#### [What you are asked to do]
Show the lines below where "split" occurs.
----- Data
(* Let $k\ge2$, $r_0>0$, and let $\mathfrak X\subset\mathbb R^k$ be a polar-coordinate grid: choose $M$ points $q_1,\dots,q_M$ on the sphere of radius $r_0$ centered at the origin, containing $k-1$ linearly independent vectors, and radii $0<\mathsf r_1<\dots<\mathsf r_\alpha=r_0$, and let $\mathfrak X=\{(\mathsf r_a/r_0)q_m: 1\le a\le\alpha,1\le m\le M\}$, so $p=M\alpha$ points. Let $\mathcal T^{(k)}_{\mathrm{exact}}$ be the set of rotations $\mathtt O\in SO(k)$ mapping $\mathfrak X$ onto itself, and $\mathcal T_{\mathrm{exact}}$ the set of their companion $p\times p$ matrices. Then $$|\mathcal T^{(k)}_{\mathrm{exact}}|=|\mathcal T_{\mathrm{exact}}|=O(p^{k-1}),$$ and the elements of $\mathcal T_{\mathrm{exact}}$ are permutation matrices; in particular they are orthogonal.
   Context: An image on the grid is a vector $v\in\mathbb R^p$ whose entries are values at the grid points $x_1,\dots,x_p$. For a rotation $\mathtt O$ mapping $\mathfrak X$ onto itself, its companion matrix is the $p\times p$ matrix $P_{\mathtt O}$ with $(P_{\mathtt O}v)_a=v_b$ where $x_b=\mathtt O^{-1}x_a$, i.e. the matrix implementing the action $v\mapsto\mathtt O\circ v$ of the rotation on discretized images. $O(p^{k-1})$ refers to $p\to\infty$ with $k$ fixed (in fact the proof gives $|\mathcal T^{(k)}_{\mathrm{exact}}|\le M^{k-1}$). *)

From HB Require Import structures.
From mathcomp Require Import all_boot all_order all_algebra all_fingroup.
From mathcomp Require Import reals.
Set Implicit Arguments. Unset Strict Implicit. Unset Printing Implicit Defensive.
Import Order.TTheory GRing.Theory Num.Theory.
Local Open Scope ring_scope.

Definition norm2 (R : realType) k (v : 'cV[R]_k) : R := \sum_(i < k) v i 0 ^+ 2.

Definition is_rotation (R : realType) k (O : 'M[R]_k) : Prop :=
  O^T *m O = 1%:M /\ \det O = 1.

Definition maps_onto (R : realType) k p (x : 'I_p -> 'cV[R]_k) (O : 'M[R]_k) : Prop :=
  (forall i, exists j, O *m x i = x j) /\ (forall j, exists i, O *m x i = x j).

(* companion matrix: (P_O)_{a b} = 1 iff x_b = O^{-1} x_a, so (P_O v)_a = v_b *)
Definition companion (R : realType) k p (x : 'I_p -> 'cV[R]_k) (O : 'M[R]_k) : 'M[R]_p :=
  \matrix_(a < p, b < p) (if x b == invmx O *m x a then 1 else 0).

Definition grid_point (R : realType) k alpha M (r0 : R) (r : 'I_alpha -> R)
  (q : 'I_M -> 'cV[R]_k) (am : 'I_alpha * 'I_M) : 'cV[R]_k :=
  (r am.1 / r0) *: q am.2.

Definition has_card (T : eqType) (P : T -> Prop) (n : nat) : Prop :=
  exists s : seq T, uniq s /\ size s = n /\ (forall t, P t <-> t \in s).

Definition orthogonal_mx (R : realType) n (P : 'M[R]_n) : Prop := P^T *m P = 1%:M.

From Stdlib Require Import Classical.
From mathcomp Require Import all_boot all_order all_algebra all_fingroup.
From mathcomp Require Import reals.
Import Order.TTheory GRing.Theory Num.Theory.
Set Implicit Arguments. Unset Strict Implicit. Unset Printing Implicit Defensive.
Local Open Scope ring_scope.

(* A rotation of R^k is determined by its values on k-1 linearly independent
   vectors: if U in SO(k) fixes the rows of a row-free (k-1) x k matrix A and w
   spans the kernel of A, the determinant of [w^T; A] U [w^T; A]^T forces
   w^T U w = |w|^2, hence U w = w and U = 1.  The outer sphere of the grid is
   {q_m}, so a symmetry O is determined by where it sends the k-1 independent
   points q_(f i) among the p grid points: at most p^(k-1) choices.  Its
   companion matrix is the permutation matrix of j |-> index of O^-1 x_j, and
   it still determines O on the points q_(f i), so both sets have the same size. *)

Lemma mulmx_trmx_eq0 (R : realDomainType) n (v : 'rV[R]_n) :
  (v *m v^T == 0) = (v == 0).
Proof.
apply/eqP/eqP => [vv0|->]; last by rewrite mul0mx.
apply/rowP => j; rewrite mxE.
have /eqP := congr1 (fun S : 'M_1 => S 0 0) vv0; rewrite !mxE.
under eq_bigr do rewrite mxE -expr2.
rewrite psumr_eq0 => [/allP/(_ j)|i _]; last exact: sqr_ge0.
by rewrite mem_index_enum sqrf_eq0 => /(_ isT)/eqP.
Qed.

Lemma gram_unitmx (R : realFieldType) m n (A : 'M[R]_(m, n)) :
  row_free A -> A *m A^T \in unitmx.
Proof.
move=> A_free; rewrite -row_free_unit -kermx_eq0; apply/rowV0Pn.
case=> y /sub_kermxP yG; apply/negP/negPn/eqP.
suff yA : y *m A = 0 by apply: (row_free_inj A_free); rewrite yA mul0mx.
by apply/eqP; rewrite -mulmx_trmx_eq0 trmx_mul mulmxA -(mulmxA y) yG mul0mx.
Qed.

Section RotationFixingHyperplane.

Variables (R : realFieldType) (n : nat) (A : 'M[R]_(n, n.+1)) (U : 'M[R]_n.+1).
Hypotheses (A_free : row_free A) (U_orth : U^T *m U = 1%:M) (U_det : \det U = 1).
Hypothesis U_fix : U *m A^T = A^T.

Lemma mulmx_fixed_rows : A *m U = A.
Proof.
apply: (can_inj trmxK); rewrite trmx_mul.
by rewrite -[in LHS]U_fix mulmxA U_orth mul1mx.
Qed.

Lemma gram_col_mx (w : 'cV[R]_n.+1) (V : 'M[R]_n.+1) :
    A *m w = 0 -> A *m V = A -> V *m A^T = A^T ->
  col_mx w^T A *m V *m (col_mx w^T A)^T
    = block_mx (w^T *m V *m w) 0 0 (A *m A^T).
Proof.
move=> Aw AV VA.
have wA : w^T *m A^T = 0 by rewrite -trmx_mul Aw trmx0.
rewrite mul_col_mx tr_col_mx trmxK mul_col_row AV Aw.
by rewrite -(mulmxA w^T V A^T) VA wA.
Qed.

Let gram_det_neq0 : \det (A *m A^T) != 0.
Proof. by rewrite -unitfE -unitmxE gram_unitmx. Qed.

Lemma orthogonal_fix_kernel (w : 'cV[R]_n.+1) : A *m w = 0 -> U *m w = w.
Proof.
move=> Aw.
(* [B U B^T] and [B B^T] are block diagonal for [B = col_mx w^T A]; equal determinants isolate [w^T U w]. *)
have wUw : w^T *m U *m w = w^T *m w.
  pose B := col_mx w^T A.
  have D : \det (B *m U *m B^T) = \det (B *m B^T) by rewrite !det_mulmx U_det mulr1.
  have := gram_col_mx Aw (mulmx1 A) (mul1mx A^T); rewrite !mulmx1 => BB.
  move: D; rewrite gram_col_mx ?mulmx_fixed_rows // BB !det_ublock !det_mx11.
  by move/(mulIf gram_det_neq0) => D; apply/matrixP => i j; rewrite !ord1.
have trwUw : w^T *m U^T *m w = w^T *m w.
  have -> : w^T *m U^T *m w = (w^T *m U *m w)^T by rewrite !trmx_mul trmxK mulmxA.
  by rewrite wUw; apply/matrixP => i j; rewrite !ord1 mxE.
apply/eqP; rewrite -subr_eq0 -trmx_eq0 -mulmx_trmx_eq0 trmxK.
rewrite [(_ - w)^T]linearB /= trmx_mul mulmxBl !mulmxBr.
rewrite mulmxA -(mulmxA _ U^T) U_orth mulmx1 trwUw mulmxA wUw.
by rewrite !subrr.
Qed.

Lemma rotation_fixing_rows_eq1 : U = 1%:M.
Proof.
have [w Aw w_nz] : exists2 w : 'cV_n.+1, A *m w = 0 & w != 0.
  have : ~~ row_free A^T by rewrite /row_free mxrank_tr (eqP A_free) ltn_eqF.
  rewrite -kermx_eq0 => /rowV0Pn[z /sub_kermxP zA z_nz].
  by exists z^T; rewrite ?trmx_eq0 // -[A]trmxK -trmx_mul zA trmx0.
pose B := col_mx w^T A.
have BB : B *m B^T = block_mx (w^T *m w) 0 0 (A *m A^T).
  by have := gram_col_mx Aw (mulmx1 A) (mul1mx A^T); rewrite !mulmx1.
have ww_nz : \det (w^T *m w) != 0.
  have : w^T *m w != 0 by rewrite -[w in _ *m w]trmxK mulmx_trmx_eq0 trmx_eq0.
  by rewrite det_mx11; apply: contraNneq => ww0; apply/eqP; rewrite [LHS]mx11_scalar ww0 raddf0.
have B_unit : B^T \in unitmx.
  rewrite unitmxE unitfE; apply: contra_neq (mulf_neq0 ww_nz gram_det_neq0) => BT0.
  by rewrite -(det_ublock _ 0) -BB det_mulmx BT0 mulr0.
have UB : U *m B^T = B^T.
  by rewrite /B tr_col_mx trmxK mul_mx_row orthogonal_fix_kernel // U_fix.
by rewrite -[U]mulmx1 -(mulmxV B_unit) mulmxA UB.
Qed.

End RotationFixingHyperplane.

Lemma rotation_eq_on_rows (R : realType) n (A : 'M[R]_(n, n.+1)) (O1 O2 : 'M[R]_n.+1) :
  row_free A -> is_rotation O1 -> is_rotation O2 -> O1 *m A^T = O2 *m A^T -> O1 = O2.
Proof.
move=> A_free [O1_orth O1_det] [O2_orth O2_det] OA.
have O2_orthC : O2 *m O2^T = 1%:M by apply: mulmx1C.
suff U1 : O2^T *m O1 = 1%:M by rewrite -[O1]mul1mx -O2_orthC -mulmxA U1 mulmx1.
apply: (rotation_fixing_rows_eq1 A_free).
- by rewrite trmx_mul trmxK mulmxA -(mulmxA O1^T) O2_orthC mulmx1.
- by rewrite det_mulmx det_tr O1_det O2_det mulr1.
- by rewrite -mulmxA OA mulmxA O2_orth mul1mx.
Qed.

Lemma seq_of_inj_preimage (T F : eqType) (P : T -> Prop) (c : T -> F) (L : seq F) :
    (forall t1 t2, P t1 -> P t2 -> c t1 = c t2 -> t1 = t2) ->
  exists s : seq T, [/\ uniq s, (size s <= size L)%N &
    forall t, P t /\ c t \in L <-> t \in s].
Proof.
move=> c_inj; elim: L => [|a L [s [s_uniq s_size s_mem]]].
  by exists [::]; split => // t; split => [[]|].
have [[t0 [Pt0 ct0]]|no_t] := classic (exists t, P t /\ c t = a); last first.
  exists s; split => [//||t]; first exact: leqW.
  rewrite in_cons; split=> [[Pt /orP[/eqP cta|ctL]]|/s_mem[Pt ctL]].
  - by case: no_t; exists t.
  - exact/s_mem.
  - by rewrite ctL orbT.
exists (undup (t0 :: s)); split=> [||t]; first exact: undup_uniq.
  by apply: leq_trans (size_undup _) _; rewrite ltnS.
rewrite mem_undup !in_cons; split=> [[Pt /orP[/eqP cta|ctL]]|/orP[/eqP->|/s_mem[Pt ctL]]].
- by rewrite (c_inj t t0) ?eqxx // cta.
- by apply/orP; right; apply/s_mem.
- by rewrite ct0 eqxx.
- by rewrite ctL orbT.
Qed.

Lemma has_card_inj_fin (T : eqType) (F : finType) (P : T -> Prop) (c : T -> F) :
    (forall t1 t2, P t1 -> P t2 -> c t1 = c t2 -> t1 = t2) ->
  exists2 n, has_card P n & (n <= #|F|)%N.
Proof.
move=> c_inj; have [s [s_uniq s_size s_mem]] := seq_of_inj_preimage (enum F) c_inj.
exists (size s); last by rewrite cardE.
exists s; do 2!split=> //; move=> t; rewrite -s_mem mem_enum.
by split=> [|[]].
Qed.

Lemma has_card_image (T U : eqType) (P : T -> Prop) (f : T -> U) n :
    (forall t1 t2, P t1 -> P t2 -> f t1 = f t2 -> t1 = t2) ->
  has_card P n -> has_card (fun u => exists t, P t /\ u = f t) n.
Proof.
move=> f_inj [s [s_uniq [<- s_mem]]]; exists (map f s); rewrite size_map.
split; first by rewrite map_inj_in_uniq // => t1 t2 /s_mem ? /s_mem; apply: f_inj.
split=> // u; split=> [[t [/s_mem ? ->]]|/mapP[t /s_mem ? ->]]; first exact: map_f.
by exists t.
Qed.

Lemma perm_mx_orthogonal (R : realType) n (s : 'S_n) : orthogonal_mx (perm_mx s : 'M[R]_n).
Proof. by rewrite /orthogonal_mx tr_perm_mx -perm_mxM mulVg perm_mx1. Qed.

Lemma companion_perm_mx (R : realType) k p (x : 'I_p -> 'cV[R]_k) (O : 'M[R]_k) :
    injective x -> O \in unitmx -> (forall j, exists i, O *m x i = x j) ->
  exists s : 'S_p, companion x O = perm_mx s.
Proof.
move=> x_inj O_unit onto.
pose preimage j := odflt j [pick i | x i == invmx O *m x j].
have preimageP j : x (preimage j) = invmx O *m x j.
  rewrite /preimage; case: pickP => [i /eqP //|no_i].
  have [i Oi] := onto j; move: (no_i i).
  by rewrite -Oi mulKmx // eqxx.
have preimage_inj : injective preimage.
  move=> j1 j2 /(congr1 x); rewrite !preimageP => /(can_inj (mulKVmx O_unit)).
  exact: x_inj.
exists (perm preimage_inj); apply/matrixP => a b.
by rewrite !mxE permE -preimageP (inj_eq x_inj) eq_sym; case: eqP.
Qed.

Lemma rotation_unitmx (R : realType) k (O : 'M[R]_k) : is_rotation O -> O \in unitmx.
Proof. by case=> _ O_det; rewrite unitmxE O_det unitr1. Qed.

Section RotationsOfPointSet.

Variables (R : realType) (n p : nat) (x : 'I_p -> 'cV[R]_n.+1) (f : 'I_n -> 'I_p).
Hypothesis frame_free : row_free (\matrix_(i < n) (x (f i))^T).

Lemma rotation_eq_on_frame (O1 O2 : 'M[R]_n.+1) :
    is_rotation O1 -> is_rotation O2 ->
  (forall i, O1 *m x (f i) = O2 *m x (f i)) -> O1 = O2.
Proof.
move=> O1_rot O2_rot O12; apply: rotation_eq_on_rows frame_free O1_rot O2_rot _.
apply: (can_inj trmxK); rewrite !trmx_mul !trmxK; apply/row_matrixP => i.
by rewrite !row_mul rowK -!trmx_mul O12.
Qed.

Definition frame_image (O : 'M[R]_n.+1) : {ffun 'I_n -> 'I_p} :=
  [ffun i => odflt (f i) [pick j | O *m x (f i) == x j]].

Lemma frame_imageP (O : 'M[R]_n.+1) i : maps_onto x O -> O *m x (f i) = x (frame_image O i).
Proof.
case=> O_into _; rewrite ffunE; case: pickP => [j /eqP //|no_j].
by have [j Oj] := O_into (f i); move: (no_j j); rewrite Oj eqxx.
Qed.

Lemma frame_image_inj (O1 O2 : 'M[R]_n.+1) :
    is_rotation O1 /\ maps_onto x O1 -> is_rotation O2 /\ maps_onto x O2 ->
  frame_image O1 = frame_image O2 -> O1 = O2.
Proof.
move=> [O1_rot O1_onto] [O2_rot O2_onto] eq_im.
by apply: rotation_eq_on_frame => // i; rewrite !frame_imageP // eq_im.
Qed.

Lemma has_card_rotations_onto :
  exists2 N, has_card (fun O => is_rotation O /\ maps_onto x O) N & (N <= p ^ n)%N.
Proof.
have [N cardN N_le] := has_card_inj_fin frame_image_inj.
by exists N; rewrite // card_ffun !card_ord in N_le.
Qed.

Lemma companion_inj_on_rotations_onto (O1 O2 : 'M[R]_n.+1) :
    is_rotation O1 /\ maps_onto x O1 -> is_rotation O2 /\ maps_onto x O2 ->
  companion x O1 = companion x O2 -> O1 = O2.
Proof.
move=> [O1_rot O1_onto] [O2_rot O2_onto] eq_comp.
apply: rotation_eq_on_frame => // i.
have O1_fi := frame_imageP i O1_onto; set j := frame_image O1 i in O1_fi *.
have O1_inv : invmx O1 *m x j = x (f i) by rewrite -O1_fi mulKmx ?rotation_unitmx.
have := congr1 (fun P : 'M_p => P j (f i)) eq_comp; rewrite !mxE O1_inv eqxx.
case: eqP => [O2_fi _|_ /eqP]; last by rewrite oner_eq0.
by rewrite O1_fi O2_fi mulKVmx ?rotation_unitmx.
Qed.

End RotationsOfPointSet.

Lemma norm2Z (R : realType) k (c : R) (v : 'cV[R]_k) : norm2 (c *: v) = c ^+ 2 * norm2 v.
Proof. by rewrite /norm2 mulr_sumr; apply: eq_bigr => i _; rewrite mxE exprMn. Qed.

Section PolarGrid.

Variables (R : realType) (k alpha M : nat) (r0 : R) (r : 'I_alpha -> R) (q : 'I_M -> 'cV[R]_k).
Hypotheses (r0_gt0 : 0 < r0) (q_norm : forall m, norm2 (q m) = r0 ^+ 2).

Lemma norm2_grid_point am : norm2 (grid_point r0 r q am) = r am.1 ^+ 2.
Proof. by rewrite norm2Z q_norm -exprMn divfK ?gt_eqF. Qed.

Lemma grid_point_inj :
  injective q -> (forall a, 0 < r a) -> injective r -> injective (grid_point r0 r q).
Proof.
move=> q_inj r_gt0 r_inj [a m] [b m'] eq_ab.
have eq_r : r a = r b.
  apply/eqP; rewrite -(@eqrXn2 _ 2) ?ltW //.
  by rewrite -(norm2_grid_point (a, m)) -(norm2_grid_point (b, m')) eq_ab.
have {}eq_r := r_inj _ _ eq_r; subst b; congr (_, _); apply: q_inj.
by apply: scalerI eq_ab; rewrite mulf_neq0 ?invr_eq0 ?gt_eqF.
Qed.

End PolarGrid.

Lemma grid_point_outer (R : realType) k alpha' M (r0 : R) (r : 'I_alpha'.+1 -> R)
    (q : 'I_M -> 'cV[R]_k) m :
  r0 != 0 -> r ord_max = r0 -> grid_point r0 r q (ord_max, m) = q m.
Proof. by move=> r0_neq0 r_max; rewrite /grid_point r_max divff // scale1r. Qed.

Theorem propositionA1 (R : realType) (k : nat) (hk : (2 <= k)%N) :
  exists C : nat,
  forall (r0 : R) (M alpha' : nat) (q : 'I_M -> 'cV[R]_k) (r : 'I_alpha'.+1 -> R)
         (p : nat) (e : 'I_p -> 'I_alpha'.+1 * 'I_M),
    0 < r0 ->
    injective q ->
    (forall m, norm2 (q m) = r0 ^+ 2) ->
    (exists f : 'I_k.-1 -> 'I_M, row_free (\matrix_(i < k.-1) (q (f i))^T)) ->
    (forall a, 0 < r a) ->
    (forall a b : 'I_alpha'.+1, (a < b)%N -> r a < r b) ->
    r ord_max = r0 ->
    bijective e ->
    let x := fun i : 'I_p => grid_point r0 r q (e i) in
    let Tk := fun O : 'M[R]_k => is_rotation O /\ maps_onto x O in
    let T := fun P : 'M[R]_p => exists O, Tk O /\ P = companion x O in
    exists n : nat,
      has_card Tk n /\ has_card T n /\ (n <= C * p ^ k.-1)%N /\
      (forall P, T P -> is_perm_mx P /\ orthogonal_mx P).
Proof.
case: k hk => [|[|n]] // _; exists 1%N.
move=> r0 M alpha' q r p e r0_gt0 q_inj q_norm [f q_free] r_gt0 r_lt r_max [g eK gK] x Tk T.
have r_inj : injective r.
  move=> a b eq_r; case: (ltngtP a b) => [/r_lt|/r_lt|/val_inj //]; by rewrite eq_r ltxx.
have x_inj : injective x.
  exact: inj_comp (grid_point_inj r0_gt0 q_norm q_inj r_gt0 r_inj) (can_inj eK).
have x_outer m : x (g (ord_max, m)) = q m by rewrite /x gK grid_point_outer ?gt_eqF.
have x_free : row_free (\matrix_i (x (g (ord_max, f i)))^T).
  by congr (row_free _): q_free; apply/row_matrixP => i; rewrite !rowK x_outer.
have [N card_Tk N_le] := has_card_rotations_onto x_free.
exists N; split=> //; split.
  exact: has_card_image (companion_inj_on_rotations_onto x_free) card_Tk.
split; first by rewrite mul1n.
move=> _ [O [[O_rot [_ O_onto]] ->]].
have [s ->] := companion_perm_mx x_inj (rotation_unitmx O_rot) O_onto.
by split; [apply/is_perm_mxP; exists s | exact: perm_mx_orthogonal].
Qed.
----------
#### [Solution for this task]
  by exists [::]; split => // t; split => [[]|].
  exists s; split => [//||t]; first exact: leqW.
  rewrite in_cons; split=> [[Pt /orP[/eqP cta|ctL]]|/s_mem[Pt ctL]].
exists (undup (t0 :: s)); split=> [||t]; first exact: undup_uniq.
rewrite mem_undup !in_cons; split=> [[Pt /orP[/eqP cta|ctL]]|/orP[/eqP->|/s_mem[Pt ctL]]].
exists s; do 2!split=> //; move=> t; rewrite -s_mem mem_enum.
by split=> [|[]].
split; first by rewrite map_inj_in_uniq // => t1 t2 /s_mem ? /s_mem; apply: f_inj.
split=> // u; split=> [[t [/s_mem ? ->]]|/mapP[t /s_mem ? ->]]; first exact: map_f.
exists N; split=> //; split.
split; first by rewrite mul1n.
by split; [apply/is_perm_mxP; exists s | exact: perm_mx_orthogonal].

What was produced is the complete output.